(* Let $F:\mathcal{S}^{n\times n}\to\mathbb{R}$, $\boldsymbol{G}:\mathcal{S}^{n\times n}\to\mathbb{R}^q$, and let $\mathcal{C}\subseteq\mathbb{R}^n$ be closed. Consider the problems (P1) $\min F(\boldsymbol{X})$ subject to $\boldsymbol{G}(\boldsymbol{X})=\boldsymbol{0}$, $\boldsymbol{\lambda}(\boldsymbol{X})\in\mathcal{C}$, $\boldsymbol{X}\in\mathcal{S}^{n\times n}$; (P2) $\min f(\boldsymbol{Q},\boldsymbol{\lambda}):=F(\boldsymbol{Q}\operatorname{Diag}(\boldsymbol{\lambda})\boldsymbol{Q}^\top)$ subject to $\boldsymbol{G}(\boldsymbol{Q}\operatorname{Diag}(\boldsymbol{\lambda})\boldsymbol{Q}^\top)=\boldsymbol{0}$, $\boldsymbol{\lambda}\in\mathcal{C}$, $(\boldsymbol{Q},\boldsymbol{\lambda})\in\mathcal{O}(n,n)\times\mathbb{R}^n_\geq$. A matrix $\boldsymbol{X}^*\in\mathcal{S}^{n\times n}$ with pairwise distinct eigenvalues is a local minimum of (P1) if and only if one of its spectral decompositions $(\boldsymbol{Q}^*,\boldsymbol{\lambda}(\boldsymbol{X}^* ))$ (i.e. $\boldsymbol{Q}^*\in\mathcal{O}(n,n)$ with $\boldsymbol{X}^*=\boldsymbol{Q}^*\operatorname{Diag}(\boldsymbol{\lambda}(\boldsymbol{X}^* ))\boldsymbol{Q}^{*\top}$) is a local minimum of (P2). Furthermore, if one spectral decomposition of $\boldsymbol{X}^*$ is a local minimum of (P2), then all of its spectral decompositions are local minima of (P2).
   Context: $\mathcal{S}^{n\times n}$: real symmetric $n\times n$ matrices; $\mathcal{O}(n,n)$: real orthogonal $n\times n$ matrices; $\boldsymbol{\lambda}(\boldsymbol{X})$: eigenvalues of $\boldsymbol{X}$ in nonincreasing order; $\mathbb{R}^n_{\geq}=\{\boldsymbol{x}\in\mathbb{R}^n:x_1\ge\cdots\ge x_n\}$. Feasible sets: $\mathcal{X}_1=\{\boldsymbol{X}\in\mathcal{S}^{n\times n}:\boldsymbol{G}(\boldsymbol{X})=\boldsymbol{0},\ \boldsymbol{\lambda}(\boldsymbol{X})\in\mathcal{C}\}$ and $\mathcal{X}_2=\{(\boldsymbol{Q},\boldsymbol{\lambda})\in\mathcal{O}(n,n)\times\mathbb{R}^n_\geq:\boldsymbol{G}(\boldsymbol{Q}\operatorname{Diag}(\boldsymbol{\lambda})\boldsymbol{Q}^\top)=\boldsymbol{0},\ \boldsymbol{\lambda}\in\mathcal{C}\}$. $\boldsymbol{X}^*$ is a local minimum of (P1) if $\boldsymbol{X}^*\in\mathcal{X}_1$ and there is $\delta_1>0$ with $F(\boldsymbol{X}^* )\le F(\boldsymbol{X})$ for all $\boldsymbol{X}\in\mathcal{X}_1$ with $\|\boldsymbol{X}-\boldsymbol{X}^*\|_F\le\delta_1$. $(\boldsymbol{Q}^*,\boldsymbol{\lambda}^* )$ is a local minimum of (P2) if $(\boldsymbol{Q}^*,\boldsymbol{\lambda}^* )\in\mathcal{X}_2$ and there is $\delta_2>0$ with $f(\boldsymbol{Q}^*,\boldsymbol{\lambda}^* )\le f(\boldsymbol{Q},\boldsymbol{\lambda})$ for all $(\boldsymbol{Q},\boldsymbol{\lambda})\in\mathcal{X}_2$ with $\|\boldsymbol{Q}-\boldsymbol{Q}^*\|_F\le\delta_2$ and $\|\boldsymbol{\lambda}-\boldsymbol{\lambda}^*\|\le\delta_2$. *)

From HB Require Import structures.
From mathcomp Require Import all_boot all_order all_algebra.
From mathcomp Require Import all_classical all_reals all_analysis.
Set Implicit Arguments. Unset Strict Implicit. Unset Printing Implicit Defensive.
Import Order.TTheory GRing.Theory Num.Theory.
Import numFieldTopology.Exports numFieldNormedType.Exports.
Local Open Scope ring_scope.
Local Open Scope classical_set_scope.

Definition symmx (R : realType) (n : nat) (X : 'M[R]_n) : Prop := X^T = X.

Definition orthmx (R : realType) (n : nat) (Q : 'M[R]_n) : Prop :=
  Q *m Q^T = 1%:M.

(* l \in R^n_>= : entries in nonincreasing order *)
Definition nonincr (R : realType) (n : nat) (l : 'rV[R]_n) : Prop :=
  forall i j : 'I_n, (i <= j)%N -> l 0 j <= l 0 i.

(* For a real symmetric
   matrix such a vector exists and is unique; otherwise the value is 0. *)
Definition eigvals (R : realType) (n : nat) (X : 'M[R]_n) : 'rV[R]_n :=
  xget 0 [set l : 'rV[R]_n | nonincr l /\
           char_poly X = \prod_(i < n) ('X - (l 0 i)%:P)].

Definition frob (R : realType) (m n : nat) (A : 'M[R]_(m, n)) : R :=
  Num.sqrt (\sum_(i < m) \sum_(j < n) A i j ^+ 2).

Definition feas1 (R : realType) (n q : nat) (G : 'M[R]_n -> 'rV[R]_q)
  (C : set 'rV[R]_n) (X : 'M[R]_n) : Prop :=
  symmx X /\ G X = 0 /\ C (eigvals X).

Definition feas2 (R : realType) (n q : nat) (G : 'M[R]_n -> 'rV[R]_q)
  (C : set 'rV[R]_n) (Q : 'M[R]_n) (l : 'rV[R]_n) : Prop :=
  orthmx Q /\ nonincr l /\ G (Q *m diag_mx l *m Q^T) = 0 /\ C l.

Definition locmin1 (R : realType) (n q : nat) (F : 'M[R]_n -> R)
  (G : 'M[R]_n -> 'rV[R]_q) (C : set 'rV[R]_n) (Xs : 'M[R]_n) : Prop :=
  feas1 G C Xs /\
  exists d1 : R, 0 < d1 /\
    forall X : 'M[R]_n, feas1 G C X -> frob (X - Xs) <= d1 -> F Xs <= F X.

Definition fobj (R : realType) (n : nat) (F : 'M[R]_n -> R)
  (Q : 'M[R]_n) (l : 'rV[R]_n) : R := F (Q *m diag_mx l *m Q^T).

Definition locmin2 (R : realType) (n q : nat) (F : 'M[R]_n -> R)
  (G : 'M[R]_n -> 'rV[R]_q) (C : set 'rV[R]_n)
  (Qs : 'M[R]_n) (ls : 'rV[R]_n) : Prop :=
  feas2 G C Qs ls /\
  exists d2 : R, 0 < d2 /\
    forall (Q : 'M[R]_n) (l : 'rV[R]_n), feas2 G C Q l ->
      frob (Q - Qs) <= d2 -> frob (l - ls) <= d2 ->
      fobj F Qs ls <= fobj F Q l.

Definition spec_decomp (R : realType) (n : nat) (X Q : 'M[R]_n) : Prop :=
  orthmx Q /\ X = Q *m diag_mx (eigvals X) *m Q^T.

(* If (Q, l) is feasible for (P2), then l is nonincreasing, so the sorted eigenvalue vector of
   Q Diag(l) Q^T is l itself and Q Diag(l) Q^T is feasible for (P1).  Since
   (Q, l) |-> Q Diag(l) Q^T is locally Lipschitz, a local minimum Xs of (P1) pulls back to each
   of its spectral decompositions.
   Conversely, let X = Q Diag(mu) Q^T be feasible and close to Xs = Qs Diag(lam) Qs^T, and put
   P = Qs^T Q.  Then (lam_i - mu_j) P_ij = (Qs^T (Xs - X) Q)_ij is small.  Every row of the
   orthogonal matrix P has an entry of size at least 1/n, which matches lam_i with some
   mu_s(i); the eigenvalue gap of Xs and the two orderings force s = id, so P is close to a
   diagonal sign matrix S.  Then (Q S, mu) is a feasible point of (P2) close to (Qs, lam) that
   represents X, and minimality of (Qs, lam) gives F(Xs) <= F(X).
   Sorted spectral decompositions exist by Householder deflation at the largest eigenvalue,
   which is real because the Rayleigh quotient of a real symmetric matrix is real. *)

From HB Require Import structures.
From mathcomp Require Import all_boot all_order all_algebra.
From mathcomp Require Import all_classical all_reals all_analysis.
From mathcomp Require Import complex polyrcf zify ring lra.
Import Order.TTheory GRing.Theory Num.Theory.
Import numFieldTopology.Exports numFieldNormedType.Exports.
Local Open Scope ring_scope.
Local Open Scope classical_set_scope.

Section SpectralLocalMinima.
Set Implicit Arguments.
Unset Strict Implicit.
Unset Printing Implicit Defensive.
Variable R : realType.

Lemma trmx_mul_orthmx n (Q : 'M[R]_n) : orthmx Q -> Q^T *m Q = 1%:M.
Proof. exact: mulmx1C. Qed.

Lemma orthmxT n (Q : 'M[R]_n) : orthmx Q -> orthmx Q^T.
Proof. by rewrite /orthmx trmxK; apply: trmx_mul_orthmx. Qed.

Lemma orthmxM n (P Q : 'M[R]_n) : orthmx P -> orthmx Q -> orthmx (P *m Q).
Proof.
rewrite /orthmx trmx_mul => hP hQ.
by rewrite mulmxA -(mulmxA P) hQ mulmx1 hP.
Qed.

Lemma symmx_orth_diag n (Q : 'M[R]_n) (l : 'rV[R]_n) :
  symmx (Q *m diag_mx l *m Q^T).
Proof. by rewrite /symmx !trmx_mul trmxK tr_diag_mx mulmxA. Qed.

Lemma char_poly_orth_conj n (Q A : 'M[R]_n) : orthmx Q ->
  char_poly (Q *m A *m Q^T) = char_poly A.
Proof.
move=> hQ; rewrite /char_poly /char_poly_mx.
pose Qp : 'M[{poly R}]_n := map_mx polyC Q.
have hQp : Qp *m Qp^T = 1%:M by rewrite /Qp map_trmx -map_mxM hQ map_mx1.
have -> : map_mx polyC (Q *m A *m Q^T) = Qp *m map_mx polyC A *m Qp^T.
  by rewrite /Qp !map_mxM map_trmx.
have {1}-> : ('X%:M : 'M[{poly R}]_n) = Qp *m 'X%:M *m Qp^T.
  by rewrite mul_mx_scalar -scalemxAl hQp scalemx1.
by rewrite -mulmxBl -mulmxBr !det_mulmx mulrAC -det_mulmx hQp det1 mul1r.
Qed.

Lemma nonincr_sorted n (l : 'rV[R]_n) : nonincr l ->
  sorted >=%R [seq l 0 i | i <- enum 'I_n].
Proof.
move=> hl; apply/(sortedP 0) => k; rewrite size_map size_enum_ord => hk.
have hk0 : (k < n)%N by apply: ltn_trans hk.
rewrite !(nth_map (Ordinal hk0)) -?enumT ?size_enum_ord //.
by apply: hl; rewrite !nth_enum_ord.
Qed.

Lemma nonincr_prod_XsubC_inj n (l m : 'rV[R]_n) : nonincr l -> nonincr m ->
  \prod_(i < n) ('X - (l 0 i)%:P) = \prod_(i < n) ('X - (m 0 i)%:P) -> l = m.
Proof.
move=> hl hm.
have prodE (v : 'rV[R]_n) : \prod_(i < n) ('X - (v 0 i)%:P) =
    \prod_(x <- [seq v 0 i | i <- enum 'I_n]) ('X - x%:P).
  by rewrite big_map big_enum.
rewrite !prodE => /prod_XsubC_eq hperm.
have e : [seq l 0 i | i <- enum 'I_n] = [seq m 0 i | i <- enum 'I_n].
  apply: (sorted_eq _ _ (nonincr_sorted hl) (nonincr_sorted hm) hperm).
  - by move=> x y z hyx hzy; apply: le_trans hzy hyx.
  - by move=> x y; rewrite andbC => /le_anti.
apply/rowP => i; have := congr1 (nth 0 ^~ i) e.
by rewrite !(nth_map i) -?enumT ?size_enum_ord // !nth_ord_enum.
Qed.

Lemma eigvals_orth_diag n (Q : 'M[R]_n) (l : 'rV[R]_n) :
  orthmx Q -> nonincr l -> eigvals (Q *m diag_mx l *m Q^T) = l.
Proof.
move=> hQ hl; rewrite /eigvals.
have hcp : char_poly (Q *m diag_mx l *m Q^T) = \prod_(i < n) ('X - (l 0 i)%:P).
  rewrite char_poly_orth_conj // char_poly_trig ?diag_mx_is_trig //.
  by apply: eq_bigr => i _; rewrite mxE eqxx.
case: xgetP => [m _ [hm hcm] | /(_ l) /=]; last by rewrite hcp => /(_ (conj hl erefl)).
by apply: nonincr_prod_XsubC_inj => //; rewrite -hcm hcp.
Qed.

Problem to work on: The required answer is each line of the data in which the word "Arguments" appears.

Response to the exercise:
Set Implicit Arguments. Unset Strict Implicit. Unset Printing Implicit Defensive.
Set Implicit Arguments.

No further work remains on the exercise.